Byzantine Brooch Designs

Although I've been too preoccupied with domestic concerns to do a lot of sewing lately, I have been continuing to track down information relevant to the various projects I've started when I can. 

One of those projects is my Middle Byzantine outfit.  I have completed the headdress, shift, and cloak.  Right now, I'm trying to find out what types of brooches a respectable lower class woman might wear to fasten her cloak.  I didn't find much useful information about this subject on the Internet.  This page was the most useful page I found; it shows two different examples of bronze enameled brooches which look as though they might have been purchased and worn by ordinary people.  However, without more information about where these brooches were found it's hard to say how appropriate it might be to use brooches of these shapes and appearance in my lower-class costume. 

Birka Traders used to sell a Byzantine brooch of the correct time period that is based on a Danish find.  It might have served, (even though it was smaller than I expected) but I wasn't prepared to pay $60 AUS for a brooch I would only be wearing with one costume.  It was a very attractive piece, though; you can see it here.

Qui Fuit Her
My other Internet searches for such items unearthed designs in gold and precious stones--clearly not suitable.  In the hopes of finding a broader variety of jewelry finds to examine, I recently purchased a copy of the museum catalog from the Metropolitan Museum of Art's exhibition of Middle Byzantine art, called "The Glory of Byzantium--A.D. 843-1261." 

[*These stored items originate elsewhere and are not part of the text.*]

Lemma invr_mean_le {t u v G G' : R} : 0 < u -> 0 < v -> 0 < G -> 0 < G' -> 0 <= t <= 1 ->
  (t * u + (1 - t) * v)^-1 <= geomean t G G' * (t / (u * G) + (1 - t) / (v * G')).
Proof.
move=> u0 v0 G0 G'0 t01; apply: (le_trans (invr_mean_le_geomean u0 v0 t01)).
have split_inv (x y : R) : 0 < y -> x^-1 = y * (x * y)^-1.
  by move=> y0; rewrite invfM mulrCA divff ?mulr1 ?gt_eqF.
rewrite (split_inv u G) // (split_inv v G') // geomeanM ?invr_gt0 ?mulr_gt0 //.
apply: ler_wpM2l; first exact/ltW/geomean_gt0.
apply: geomean_le_mean => //; rewrite ?invr_gt0 ?mulr_gt0 //.
Qed.

Lemma sum_inv_mean_le_geomean {J : finType} (P : pred J) (sig : R) (a u v : J -> R) t :
  0 < sig -> (forall j, 0 <= a j) -> (forall j, 0 < u j) -> (forall j, 0 < v j) ->
  0 <= t <= 1 ->
  sig + \sum_(j | P j) a j / (t * u j + (1 - t) * v j) <=
  geomean t (sig + \sum_(j | P j) a j / u j) (sig + \sum_(j | P j) a j / v j).
Proof.
move=> sig0 a0 u0 v0 t01.
set S := \sum_(j | P j) a j / u j; set S' := \sum_(j | P j) a j / v j.
have G0 : 0 < sig + S.
  by apply: ltr_wpDr => //; apply: sumr_ge0 => j _; exact: divr_ge0 (a0 j) (ltW (u0 j)).
have G'0 : 0 < sig + S'.
  by apply: ltr_wpDr => //; apply: sumr_ge0 => j _; exact: divr_ge0 (a0 j) (ltW (v0 j)).
set g := geomean t (sig + S) (sig + S').
have sig_le : sig <= sig * (g * (t / (1 * (sig + S)) + (1 - t) / (1 * (sig + S')))).
  rewrite -[leLHS]mulr1 ler_pM2l //.
  by have := invr_mean_le ltr01 ltr01 G0 G'0 t01; rewrite !mulr1 subrKC invr1.
have sum_le : \sum_(j | P j) a j / (t * u j + (1 - t) * v j) <=
    \sum_(j | P j) a j * (g * (t / (u j * (sig + S)) + (1 - t) / (v j * (sig + S')))).
  by apply: ler_sum => j _; rewrite ler_wpM2l ?invr_mean_le.
have sum_eq : \sum_(j | P j) a j * (g * (t / (u j * (sig + S)) + (1 - t) / (v j * (sig + S')))) =
    g * t / (sig + S) * S + g * (1 - t) / (sig + S') * S'.
  rewrite /S /S' !mulr_sumr -big_split; apply: eq_bigr => j _ /=.
  by field; rewrite !gt_eqF.
have -> : g = sig * (g * (t / (1 * (sig + S)) + (1 - t) / (1 * (sig + S')))) +
    (g * t / (sig + S) * S + g * (1 - t) / (sig + S') * S').
  by field; rewrite !gt_eqF.
rewrite -sum_eq; exact: lerD.
Qed.

Lemma ln_sum_inv_convex {J : finType} (P : pred J) (sig : R) (a u v : J -> R) t :
  0 < sig -> (forall j, 0 <= a j) -> (forall j, 0 < u j) -> (forall j, 0 < v j) ->
  0 <= t <= 1 ->
  ln (sig + \sum_(j | P j) a j / (t * u j + (1 - t) * v j)) <=
  t * ln (sig + \sum_(j | P j) a j / u j) + (1 - t) * ln (sig + \sum_(j | P j) a j / v j).
Proof.
move=> sig0 a0 u0 v0 t01; rewrite -ln_geomean ler_ln ?posrE ?geomean_gt0 //.
  exact: sum_inv_mean_le_geomean.
apply: ltr_wpDr => //; apply: sumr_ge0 => j _; apply: divr_ge0 => //.
exact/ltW/mix_gt.
Qed.

Lemma onem_le_ln_tangent {w z : R} : 0 < w -> 0 < z -> 1 - w <= ln z + (w * z)^-1 - 1.
Proof.
move=> w0 z0; have wz0 : 0 < (w * z)^-1 by rewrite invr_gt0 mulr_gt0.
have := ln_le_subr1 w0; have := ln_le_subr1 wz0.
by rewrite lnV ?lnM ?posrE ?mulr_gt0 //; lra.
Qed.
Lemma foldr_minn_le x0 s y : y \in s -> foldr minn x0 s <= y.
Proof.
elim: s => //= x s IH; rewrite inE => /orP [/eqP ->|/IH h]; first exact: geq_minl.
exact: leq_trans (geq_minr _ _) h.
Qed.

Lemma foldr_minn_in x0 s : foldr minn x0 s \in x0 :: s.
Proof.
elim: s => [|x s IH] /=; first by rewrite inE.
rewrite /minn; case: ifP => _; first by rewrite !inE eqxx orbT.
by move: IH; rewrite !inE => /orP [->|->]; rewrite ?orbT.
Qed.

Lemma cmin_le t : cmin (leaves t) <= colless t.
Proof. by apply/foldr_minn_le/map_f; rewrite mem_trees_n. Qed.

Lemma cmin_attained n : 0 < n -> exists2 t, leaves t = n & colless t = cmin n.
Proof.
move=> n_gt0.
have cat_n : caterpillar n.-1 \in trees_n n.
  by rewrite mem_trees_n leaves_caterpillar prednK.
have : cmin n \in [seq colless t | t <- trees_n n].
  move: (foldr_minn_in (colless (head Leaf (trees_n n))) [seq colless t | t <- trees_n n]).
  rewrite -/(cmin n) inE => /orP [/eqP ->|//].
  by case: (trees_n n) cat_n => //= t0 ts _; rewrite inE eqxx.
by case/mapP => t; rewrite mem_trees_n => /eqP <- ->; exists t.
Qed.

Lemma cmin0 : cmin 0 = 0. Proof. by vm_compute. Qed.
Lemma cmin1 : cmin 1 = 0. Proof. by vm_compute. Qed.

(* Grafting minimal trees with a and b leaves on a common root:
   c_(a+b) <= c_a + c_b + |a - b|  (trivially true when a or b is 0). *)
Lemma cmin_graft a b : cmin (a + b) <= cmin a + cmin b + (maxn a b - minn a b).
Proof.
have [->|a_gt0] := posnP a; first by rewrite add0n cmin0; lia.
have [->|b_gt0] := posnP b; first by rewrite addn0 cmin0; lia.
have [ta <- ca] := cmin_attained _ a_gt0; have [tb <- cb] := cmin_attained _ b_gt0.
by have := cmin_le (Node ta tb); rewrite /= ca cb.
Qed.

(* A lower bound for the Colless index of trees with n leaves:
   2 c_m for n = 2m, and c_(m+1) + c_m + [m > 0] for n = 2m + 1. *)
Definition halving_bound (n : nat) : nat :=
  if odd n then cmin n./2.+1 + cmin n./2 + (1 < n) else cmin n./2 + cmin n./2.

Lemma halving_bound_even p : halving_bound p.*2 = cmin p + cmin p.
Proof. by rewrite /halving_bound odd_double doubleK. Qed.

Lemma halving_bound_odd p : halving_bound p.*2.+1 = cmin p.+1 + cmin p + (0 < p).
Proof.
by rewrite /halving_bound /= odd_double uphalf_double ltnS double_gt0.
Qed.

(* The three ways of splitting the leaves at the root, by parity: in each case
   the bounds of the subtrees plus the root imbalance exceed the halving bound,
   by grafting minimal trees of (half-)sizes. *)
Lemma halving_even_even p q :
  cmin (p + q) + cmin (p + q) <=
    cmin p + cmin p + (cmin q + cmin q) + (maxn p.*2 q.*2 - minn p.*2 q.*2).
Proof. by have := cmin_graft p q; lia. Qed.

Lemma halving_odd_even p q : 0 < q ->
  cmin (p + q).+1 + cmin (p + q) + (0 < p + q) <=
    cmin p.+1 + cmin p + (0 < p) + (cmin q + cmin q) +
    (maxn p.*2.+1 q.*2 - minn p.*2.+1 q.*2).
Proof.
move=> q_gt0; have [->|p_gt0] := posnP p.
  by have := cmin_graft 1 q; rewrite add0n add1n cmin1 cmin0; lia.
by have := cmin_graft p.+1 q; have := cmin_graft p q; rewrite addSn; lia.
Qed.

Lemma halving_odd_odd p q :
  cmin (p + q).+1 + cmin (p + q).+1 <=
    cmin p.+1 + cmin p + (0 < p) + (cmin q.+1 + cmin q + (0 < q)) +
    (maxn p.*2.+1 q.*2.+1 - minn p.*2.+1 q.*2.+1).
Proof.
have := cmin_graft p.+1 q; have := cmin_graft p q.+1; rewrite addSn addnS.
by have [->|_] := posnP p; have [->|_] := posnP q;
  rewrite ?add0n ?addn0 ?cmin0 ?cmin1; lia.
Qed.

Lemma even_or_odd a : exists p, a = p.*2 \/ a = p.*2.+1.
Proof.
by exists a./2; rewrite -{1 3}(odd_double_half a); case: odd; [right|left].
Qed.
(* Let $m\geq1$, $N\in(\mathbb{N}^* )^m$, let $A\subseteq\mathcal{Z}^m$ be a largely continuous precell mod $N$, $X=\widehat A$ its socle, $(\mu,\nu,\rho)$ a largely continuous presentation of $A$, and $f$ a largely continuous affine map on $A$ such that $\bar f=+\infty$ on $\partial A$. Let $(\alpha_i)_{1\leq i\leq m}\in\mathbb{Q}^m$ and $\beta\in\mathcal{Q}$ be such that $f(a)=\beta+\sum_{1\leq i\leq m}\alpha_ia_i$ on $A$, and extend $f$ to $\mathcal{Q}^m$ by this expression. For every $x\in X$ let $\hat f(x)=f(x,\mu(x))$ if $\alpha_m\geq0$, and $\hat f(x)=f(x,\nu(x))$ otherwise. Then $\hat f$ is a well-defined largely continuous affine map on $X$ with limit $+\infty$ at every point of $\partial X$, and $\min f(A)-|\alpha_m|N_m\leq\hat f(\widehat a)\leq f(a)$ for every $a\in A$.
   Context: $\mathcal{Z}$ is a $\mathbb{Z}$-group (linearly ordered abelian group with smallest positive element $1$, $|\mathcal{Z}/n\mathcal{Z}|=n$ for all $n\geq1$), $\mathcal{Q}$ its divisible hull ($\mathbb{Q}\subseteq\mathcal{Q}$), $\Gamma=\mathcal{Z}\cup\{+\infty\}$, $\Omega=\mathcal{Q}\cup\{+\infty\}$, $+\infty$ maximal and absorbing for $+$; $|a|=\max(a,-a)$. Topology on $\Omega$ generated by open intervals and $]a,+\infty]$; product topology on $\Omega^m$; $\overline A$ closure; frontier $\partial A$ = closure of $\overline A\setminus A$. Socle $\widehat a=(a_1,\dots,a_{m-1})$, $\widehat A$; $\widehat N=(N_1,\dots,N_{m-1})$. $F_I(\Gamma^m)$: points whose non-$+\infty$ coordinates are exactly those in $I$. Congruence: $a\equiv b\,[n]$ iff $a-b\in n\mathcal{Z}$, and $a\equiv+\infty\,[n]$ always. For $Y\subseteq F_K(\Gamma^k)$, $g:Y\to\Omega$ is affine if constantly $+\infty$ or $g(y)=\alpha_0+\sum_{i\in K}\alpha_iy_i$ ($\alpha_0\in\mathcal{Q}$, $\alpha_i\in\mathbb{Q}$); largely continuous if it extends to a continuous $\bar g$ on $\overline Y$. Largely continuous precells mod $N$: $\Gamma^0$ for $m=0$; for $m\geq1$, $A\subseteq F_I(\Gamma^m)$ such that $\widehat A$ is a largely continuous precell mod $\widehat N$ and for some non-negative largely continuous affine $\mu,\nu:\widehat A\to\Omega$ and integer $0\leq\rho<N_m$ (a largely continuous presentation), $A=\{a\in F_I(\Gamma^m):\widehat a\in\widehat A,\ \mu(\widehat a)\leq a_m\leq\nu(\widehat a),\ a_m\equiv\rho\,[N_m]\}$. *)

From mathcomp Require Import all_boot all_order all_algebra.
Set Implicit Arguments. Unset Strict Implicit. Unset Printing Implicit Defensive.
Import Order.TTheory GRing.Theory Num.Theory.
Local Open Scope ring_scope.
Lemma Lam_mp_under x a b : Lam (Imp x (Imp a b)) -> Lam (Imp x a) -> Lam (Imp x b).
Proof.
  intros H1 H2. pose proof (Lam_inL _ H1) as W; simpl in W.
  apply (Lam_mp _ _ H2), (Lam_mp _ _ H1), Lam_S; tauto.
Qed.

Lemma Lam_I a : inL M a -> Lam (Imp a a).
Proof.
  intros Ha. apply (Lam_mp_under _ (Imp a a)); apply Lam_K; simpl; auto.
Qed.

Lemma Lam_comp a b c : Lam (Imp a b) -> Lam (Imp b c) -> Lam (Imp a c).
Proof.
  intros H1 H2. pose proof (Lam_inL _ H1) as W; simpl in W.
  apply (Lam_mp_under _ b); [apply Lam_weaken|]; tauto.
Qed.

Lemma imps_S l a b : Forall (inL M) l -> inL M a -> inL M b ->
  Lam (Imp (imps l (Imp a b)) (Imp (imps l a) (imps l b))).
Proof.
  intros Hl Ha Hb. induction Hl as [|x l Hx Hl IH]; simpl.
  - apply Lam_I. simpl; tauto.
  - pose proof (Lam_inL _ IH) as W; simpl in W.
    apply (Lam_comp _ (Imp x (Imp (imps l a) (imps l b))));
      [apply (Lam_mp _ _ (Lam_weaken x _ Hx IH))|]; apply Lam_S; simpl; tauto.
Qed.

Lemma imps_mp l a b : Lam (imps l (Imp a b)) -> Lam (imps l a) -> Lam (imps l b).
Proof.
  intros H1 H2. pose proof (Lam_inL _ H1) as W. apply inL_imps in W as [Wl [Wa Wb]].
  apply (Lam_mp _ _ H2), (Lam_mp _ _ H1), imps_S; auto.
Qed.

Lemma imps_weaken l p : Forall (inL M) l -> Lam p -> Lam (imps l p).
Proof. induction 1; simpl; auto using Lam_weaken. Qed.

Lemma imps_self l x : Forall (inL M) l -> inL M x -> Lam (Imp x (imps l x)).
Proof.
  induction 1 as [|y l Hy Hl IH]; simpl; intros Hx.
  - now apply Lam_I.
  - apply (Lam_comp _ _ _ (IH Hx)), Lam_K; auto. apply inL_imps; auto.
Qed.

Lemma imps_hyp l a : Forall (inL M) l -> In a l -> Lam (imps l a).
Proof.
  induction 1 as [|x l Hx Hl IH]; simpl; [tauto|].
  intros [<-|Ha]; [apply imps_self|apply Lam_weaken]; auto.
Qed.

(* Natural deduction with the theorems of [Lam] as axioms, for reasoning from
   hypotheses; the [inL M] side conditions keep derivable formulas inside the
   language, as [nd_sound] requires. *)
Inductive ND : list form -> form -> Prop :=
| nd_ax G p : Lam p -> ND G p
| nd_hyp G p : In p G -> ND G p
| nd_impI G a b : inL M a -> ND (G ++ [a]) b -> ND G (Imp a b)
| nd_impE G a b : ND G (Imp a b) -> ND G a -> ND G b
| nd_andI G a b : ND G a -> ND G b -> ND G (And a b)
| nd_andE1 G a b : ND G (And a b) -> ND G a
| nd_andE2 G a b : ND G (And a b) -> ND G b
| nd_orI1 G a b : inL M b -> ND G a -> ND G (Or a b)
| nd_orI2 G a b : inL M a -> ND G b -> ND G (Or a b)
| nd_orE G a b c : ND G (Or a b) -> ND (G ++ [a]) c -> ND (G ++ [b]) c -> ND G c
| nd_botE G p : inL M p -> ND G Bot -> ND G p.

Lemma nd_inL G p : ND G p -> Forall (inL M) G -> inL M p.
Proof.
  induction 1 as [G p H|G p H|G a b Ha _ IH|G a b _ IH _ _|G a b _ IH1 _ IH2
    |G a b _ IH|G a b _ IH|G a b Hb _ IH|G a b Ha _ IH|G a b c _ IH1 _ IH2 _ _|G p Hp _ _];
    intros Hl; simpl in *.
  - now apply Lam_inL.
  - now apply (proj1 (Forall_forall _ _) Hl).
  - split; [|apply IH, Forall_snoc]; auto.
  - now apply IH.
  - auto.
  - now apply IH.
  - now apply IH.
  - auto.
  - auto.
  - apply IH2, Forall_snoc; [|apply IH1]; tauto.
  - exact Hp.
Qed.

Lemma imps_ipl G f : Forall (inL M) G -> inL M f -> ipl_axiom f -> Lam (imps G f).
Proof. intros; apply imps_weaken, Lam_ipl; auto. Qed.

Lemma nd_sound G p : ND G p -> Forall (inL M) G -> Lam (imps G p).
Proof.
  induction 1 as [G p H|G p H|G a b Ha H IH|G a b H1 IH1 H2 IH2|G a b H1 IH1 H2 IH2
    |G a b H IH|G a b H IH|G a b Hb H IH|G a b Ha H IH|G a b c H1 IH1 H2 IH2 H3 IH3|G p Hp H IH];
    intros Hl.
  all: try pose proof (nd_inL _ _ H Hl) as W; try pose proof (nd_inL _ _ H1 Hl) as W1;
    try pose proof (nd_inL _ _ H2 Hl) as W2; simpl in *.
  - now apply imps_weaken.
  - now apply imps_hyp.
  - rewrite <- imps_snoc. now apply IH, Forall_snoc.
  - apply (imps_mp _ a); auto.
  - apply (imps_mp _ b); [apply (imps_mp _ a)|]; auto.
    apply imps_ipl; [auto|simpl; tauto|]. do 4 right; left; eauto.
  - apply (imps_mp _ (And a b)); auto.
    apply imps_ipl; [auto|simpl; tauto|]. do 2 right; left; eauto.
  - apply (imps_mp _ (And a b)); auto.
    apply imps_ipl; [auto|simpl; tauto|]. do 3 right; left; eauto.
  - apply (imps_mp _ a); auto.
    apply imps_ipl; [auto|simpl; tauto|]. do 5 right; left; eauto.
  - apply (imps_mp _ b); auto.
    apply imps_ipl; [auto|simpl; tauto|]. do 6 right; left; eauto.
  - assert (Ha : Forall (inL M) (G ++ [a])) by (apply Forall_snoc; tauto).
    assert (Hb : Forall (inL M) (G ++ [b])) by (apply Forall_snoc; tauto).
    pose proof (nd_inL _ _ H2 Ha) as Wc.
    specialize (IH2 Ha). specialize (IH3 Hb). rewrite imps_snoc in IH2, IH3.
    apply (imps_mp _ (Or a b)); [apply (imps_mp _ (Imp b c)); [apply (imps_mp _ (Imp a c))|]|];
      auto.
    apply imps_ipl; [auto|simpl; tauto|]. do 7 right; left; eauto.
  - apply (imps_mp _ Bot); auto.
    apply imps_ipl; [auto|simpl; tauto|]. do 8 right; eauto.
Qed.

Lemma nd_weaken G p : ND G p -> forall G', incl G G' -> ND G' p.
Proof.
  induction 1; intros G' HG.
  all: try solve [econstructor; eauto using incl_app_app, incl_refl].
Qed.

Lemma nd_hyp_snoc G a : ND (G ++ [a]) a.
Proof. apply nd_hyp, in_or_app. simpl; auto. Qed.

Lemma nd_weaken_snoc G a p : ND G p -> ND (G ++ [a]) p.
Proof. intros H. apply (nd_weaken _ _ H), incl_appl, incl_refl. Qed.

Lemma nd_subst G p : ND G p -> forall D, Forall (ND D) G -> ND D p.
Proof.
  assert (Hsnoc : forall G' D a, Forall (ND D) G' -> Forall (ND (D ++ [a])) (G' ++ [a])).
  { intros G' D a HG. apply Forall_snoc; [|apply nd_hyp_snoc].
    eapply Forall_impl; [|exact HG]. apply nd_weaken_snoc. }
  induction 1; intros D HD.
  all: try solve [econstructor; eauto].
  now apply (proj1 (Forall_forall _ _) HD).
Qed.

Lemma nd_mp G a b : Lam (Imp a b) -> ND G a -> ND G b.
Proof. intros H1 H2. exact (nd_impE _ _ _ (nd_ax _ _ H1) H2). Qed.

Lemma Lam_of_nd a b : inL M a -> ND [a] b -> Lam (Imp a b).
Proof. intros Ha H. apply (nd_sound _ _ H). auto. Qed.

Lemma nd_bigOr_elim G D c : inL M c -> Forall (fun x => ND (G ++ [x]) c) D ->
  ND G (bigOr D) -> ND G c.
Proof.
  intros Hc HD. revert G HD. induction D as [|x D IH]; simpl; intros G HD H.
  - now apply nd_botE.
  - inversion HD as [|? ? Hx HD']; subst.
    apply (nd_orE _ _ _ _ H Hx), IH; [|apply nd_hyp_snoc].
    eapply Forall_impl; [|exact HD']. intros y Hy.
    apply (nd_weaken _ _ Hy). intros z. rewrite !in_app_iff. simpl. tauto.
Qed.

Lemma nd_bigOr_intro G D x : Forall (inL M) D -> In x D -> ND G x -> ND G (bigOr D).
Proof.
  induction 1 as [|y D Hy HD IH]; simpl; [tauto|].
  intros [<-|Hx] H; [apply nd_orI1|apply nd_orI2]; auto using inL_bigOr.
Qed.

Lemma nd_bigOr_incl G D D' : Forall (inL M) D' -> incl D D' ->
  ND G (bigOr D) -> ND G (bigOr D').
Proof.
  intros HD' Hincl. apply nd_bigOr_elim; [now apply inL_bigOr|].
  apply Forall_forall. intros x Hx. apply (nd_bigOr_intro _ _ x); auto. apply nd_hyp_snoc.
Qed.

Lemma nd_bigAnd_elim G l x : In x l -> ND G (bigAnd l) -> ND G x.
Proof.
  induction l as [|y l IH]; simpl; [tauto|].
  intros [<-|Hx] H; [apply (nd_andE1 _ _ _ H)|apply IH, (nd_andE2 _ _ _ H)]; auto.
Qed.

Lemma nd_bigAnd_intro G l : Forall (ND G) l -> ND G (bigAnd l).
Proof.
  induction 1; simpl; [|now apply nd_andI].
  apply nd_impI; [exact I|apply nd_hyp_snoc].
Qed.

Lemma derives_of_nd (A B : form -> Prop) G D : Forall (inL M) G ->
  Forall A G -> Forall B D -> ND G (bigOr D) -> derives Lam A B.
Proof.
  intros Hw HG HD H. exists G, D. rewrite <- !Forall_forall. repeat split; auto.
  apply Lam_of_nd; [now apply inL_bigAnd|].
  apply (nd_subst _ _ H), Forall_forall. intros x Hx.
  apply (nd_bigAnd_elim _ _ _ Hx), nd_hyp. now left.
Qed.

The Glory of Byzantium" includes a lot of examples of jewelry, icons, ivory carvings, miniature paintings, mosaics and textiles.  Unfortunately for me, most of the jewelry items are not only gold, but they are either earrings or temple rings--nothing to fasten a cloak with!  I have found a painting with an interesting image.  That painting is one of three "Ancestors of Christ" found in a convent in Spain (the Convent of Santa Maria, in Sigena), and attributed to the same English artist who did the Winchester Psalter, and it is called "Her" (because the inscription below it reads "Qui Fuit Her").  A scan of the image appears to the left of this paragraph.  As you can see, it shows a figure wearing a cloak, clasped at the neck with a small brooch.  That brooch features a central pearl, with a ring of red enamel around it, and eight other pearls of equal size around the edge. (See image on the left, below.)

Norman brooch from RQP
"Her", portion showing brooch
This brooch looks a bit like a bronze brooch with a modest amount of enameling that is sold by Raymond's Quiet Press as a "Norman" brooch (see right; thanks to Raymond for permission to use the photograph here).  Unfortunately, the RQP web site doesn't say what the provenance of this design might be, and I have not  seen an artifact that resembles it.

If the Norman attribution of the RQP design is correct, it is at least contemporaneous with the Middle Byzantine period.   I probably will purchase the RQP brooch, but in the meantime I am still hoping to obtain more information about Byzantine brooches to see whether I can confirm the appropriateness of the design with a costume that would have been worn in the Near East of the period.  To that end, I have succeeded in locating a copy of "Intelligible Beauty" (a recent work of essays about Byzantine jewelry) in my price range, and have ordered it.  Perhaps that that work will provide me with additional examples of typical period designs that were used by people other than society's elite.